## [SUPPLIED INFORMATION]
# # # # #
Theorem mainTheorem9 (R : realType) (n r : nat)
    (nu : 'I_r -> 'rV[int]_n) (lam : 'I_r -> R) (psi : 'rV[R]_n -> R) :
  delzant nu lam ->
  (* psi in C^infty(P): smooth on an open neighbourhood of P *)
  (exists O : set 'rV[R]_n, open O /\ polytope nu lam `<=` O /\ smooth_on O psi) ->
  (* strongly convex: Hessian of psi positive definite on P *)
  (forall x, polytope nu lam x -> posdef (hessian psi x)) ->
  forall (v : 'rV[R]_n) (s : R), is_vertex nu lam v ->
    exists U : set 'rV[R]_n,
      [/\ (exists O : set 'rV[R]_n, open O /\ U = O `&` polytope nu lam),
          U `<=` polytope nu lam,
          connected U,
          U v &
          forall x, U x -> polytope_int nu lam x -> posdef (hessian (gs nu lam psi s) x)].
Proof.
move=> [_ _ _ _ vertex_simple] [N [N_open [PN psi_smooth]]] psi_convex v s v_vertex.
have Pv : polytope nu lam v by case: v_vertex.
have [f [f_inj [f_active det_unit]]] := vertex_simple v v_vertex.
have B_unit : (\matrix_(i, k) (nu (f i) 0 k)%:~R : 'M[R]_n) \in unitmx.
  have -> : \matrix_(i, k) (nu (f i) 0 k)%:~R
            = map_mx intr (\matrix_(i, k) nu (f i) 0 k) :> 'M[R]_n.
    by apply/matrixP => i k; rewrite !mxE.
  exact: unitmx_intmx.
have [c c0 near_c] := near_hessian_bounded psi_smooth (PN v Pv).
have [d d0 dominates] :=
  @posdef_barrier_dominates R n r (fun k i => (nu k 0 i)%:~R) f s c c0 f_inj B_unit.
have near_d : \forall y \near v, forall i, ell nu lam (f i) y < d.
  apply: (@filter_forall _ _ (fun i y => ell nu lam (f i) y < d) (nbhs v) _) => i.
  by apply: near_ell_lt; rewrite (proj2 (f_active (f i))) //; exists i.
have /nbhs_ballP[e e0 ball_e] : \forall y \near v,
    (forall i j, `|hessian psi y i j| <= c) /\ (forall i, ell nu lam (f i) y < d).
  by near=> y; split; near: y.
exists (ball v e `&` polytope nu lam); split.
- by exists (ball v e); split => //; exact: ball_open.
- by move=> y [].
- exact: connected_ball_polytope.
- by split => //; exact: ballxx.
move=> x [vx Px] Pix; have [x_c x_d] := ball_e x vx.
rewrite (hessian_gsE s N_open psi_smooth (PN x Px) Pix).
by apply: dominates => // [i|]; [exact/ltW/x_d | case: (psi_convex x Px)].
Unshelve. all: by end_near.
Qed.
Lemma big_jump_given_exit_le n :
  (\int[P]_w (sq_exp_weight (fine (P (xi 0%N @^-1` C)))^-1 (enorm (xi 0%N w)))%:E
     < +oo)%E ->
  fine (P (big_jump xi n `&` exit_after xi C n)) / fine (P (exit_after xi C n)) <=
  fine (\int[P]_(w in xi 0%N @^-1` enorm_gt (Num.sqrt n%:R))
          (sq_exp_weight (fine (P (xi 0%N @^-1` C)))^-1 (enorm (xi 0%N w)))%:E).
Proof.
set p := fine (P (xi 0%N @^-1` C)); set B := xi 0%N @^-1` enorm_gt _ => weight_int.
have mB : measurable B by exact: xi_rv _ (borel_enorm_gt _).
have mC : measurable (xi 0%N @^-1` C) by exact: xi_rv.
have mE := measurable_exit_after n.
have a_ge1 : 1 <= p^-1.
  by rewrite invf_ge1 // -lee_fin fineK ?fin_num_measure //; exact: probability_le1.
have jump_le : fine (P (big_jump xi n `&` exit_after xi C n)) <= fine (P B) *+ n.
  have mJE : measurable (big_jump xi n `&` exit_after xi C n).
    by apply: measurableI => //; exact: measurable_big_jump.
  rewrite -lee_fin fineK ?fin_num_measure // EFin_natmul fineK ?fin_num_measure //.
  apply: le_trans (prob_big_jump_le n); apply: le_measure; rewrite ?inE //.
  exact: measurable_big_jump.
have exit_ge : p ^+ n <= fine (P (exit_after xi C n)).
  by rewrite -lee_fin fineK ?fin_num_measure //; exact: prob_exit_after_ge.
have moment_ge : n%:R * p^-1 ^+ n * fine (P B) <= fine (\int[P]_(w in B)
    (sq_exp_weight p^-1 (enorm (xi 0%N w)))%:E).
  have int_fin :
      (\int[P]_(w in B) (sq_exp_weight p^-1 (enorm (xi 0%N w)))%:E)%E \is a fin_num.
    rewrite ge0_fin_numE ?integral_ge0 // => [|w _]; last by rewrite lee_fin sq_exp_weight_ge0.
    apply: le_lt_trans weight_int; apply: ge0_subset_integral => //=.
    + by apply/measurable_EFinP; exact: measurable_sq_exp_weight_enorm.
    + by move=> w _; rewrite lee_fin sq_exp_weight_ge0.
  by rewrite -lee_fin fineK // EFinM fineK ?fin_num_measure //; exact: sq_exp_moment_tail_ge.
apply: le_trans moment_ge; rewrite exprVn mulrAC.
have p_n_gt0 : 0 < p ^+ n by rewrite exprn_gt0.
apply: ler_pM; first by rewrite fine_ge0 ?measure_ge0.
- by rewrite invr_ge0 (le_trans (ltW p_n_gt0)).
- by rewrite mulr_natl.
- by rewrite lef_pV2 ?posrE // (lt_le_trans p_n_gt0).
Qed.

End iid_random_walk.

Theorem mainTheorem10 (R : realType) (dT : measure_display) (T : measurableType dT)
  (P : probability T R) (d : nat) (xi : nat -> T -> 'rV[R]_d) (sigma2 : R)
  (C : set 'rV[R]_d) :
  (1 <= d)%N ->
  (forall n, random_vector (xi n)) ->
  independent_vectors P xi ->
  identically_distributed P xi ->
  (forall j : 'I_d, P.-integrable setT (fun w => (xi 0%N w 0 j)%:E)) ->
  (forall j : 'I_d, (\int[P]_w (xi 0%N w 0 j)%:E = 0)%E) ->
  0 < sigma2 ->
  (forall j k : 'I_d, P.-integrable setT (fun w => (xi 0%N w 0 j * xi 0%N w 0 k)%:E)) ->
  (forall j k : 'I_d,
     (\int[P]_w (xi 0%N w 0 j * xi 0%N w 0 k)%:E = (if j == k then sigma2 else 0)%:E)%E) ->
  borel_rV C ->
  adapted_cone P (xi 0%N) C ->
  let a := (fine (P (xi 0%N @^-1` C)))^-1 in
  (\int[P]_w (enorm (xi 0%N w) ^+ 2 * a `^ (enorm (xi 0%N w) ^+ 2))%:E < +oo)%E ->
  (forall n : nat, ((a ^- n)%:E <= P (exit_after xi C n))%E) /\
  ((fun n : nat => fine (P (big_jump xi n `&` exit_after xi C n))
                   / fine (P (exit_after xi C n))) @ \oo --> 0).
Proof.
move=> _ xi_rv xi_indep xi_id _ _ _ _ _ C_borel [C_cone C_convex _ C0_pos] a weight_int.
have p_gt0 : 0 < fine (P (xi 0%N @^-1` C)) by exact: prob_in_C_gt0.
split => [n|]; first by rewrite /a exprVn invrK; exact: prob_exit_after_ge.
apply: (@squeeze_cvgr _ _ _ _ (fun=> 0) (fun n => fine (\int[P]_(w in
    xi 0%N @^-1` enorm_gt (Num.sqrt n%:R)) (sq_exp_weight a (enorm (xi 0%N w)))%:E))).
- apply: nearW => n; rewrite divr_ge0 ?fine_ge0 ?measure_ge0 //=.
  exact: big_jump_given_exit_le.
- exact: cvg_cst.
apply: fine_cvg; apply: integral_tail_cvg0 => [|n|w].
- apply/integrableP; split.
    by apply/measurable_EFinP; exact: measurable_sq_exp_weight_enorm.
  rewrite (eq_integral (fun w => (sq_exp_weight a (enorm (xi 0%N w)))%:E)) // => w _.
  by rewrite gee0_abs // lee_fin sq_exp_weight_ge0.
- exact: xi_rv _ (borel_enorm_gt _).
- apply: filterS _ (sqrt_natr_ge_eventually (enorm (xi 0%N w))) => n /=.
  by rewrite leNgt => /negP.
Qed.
# # # # #
## [DIRECTIONS FOR THIS TASK]
Your reply must contain exactly the lines from the first line of the data through the line holding "(* strongly convex: Hessian", and nothing more.

## [TASK OUTPUT]
Theorem mainTheorem9 (R : realType) (n r : nat)
    (nu : 'I_r -> 'rV[int]_n) (lam : 'I_r -> R) (psi : 'rV[R]_n -> R) :
  delzant nu lam ->
  (* psi in C^infty(P): smooth on an open neighbourhood of P *)
  (exists O : set 'rV[R]_n, open O /\ polytope nu lam `<=` O /\ smooth_on O psi) ->
  (* strongly convex: Hessian of psi positive definite on P *)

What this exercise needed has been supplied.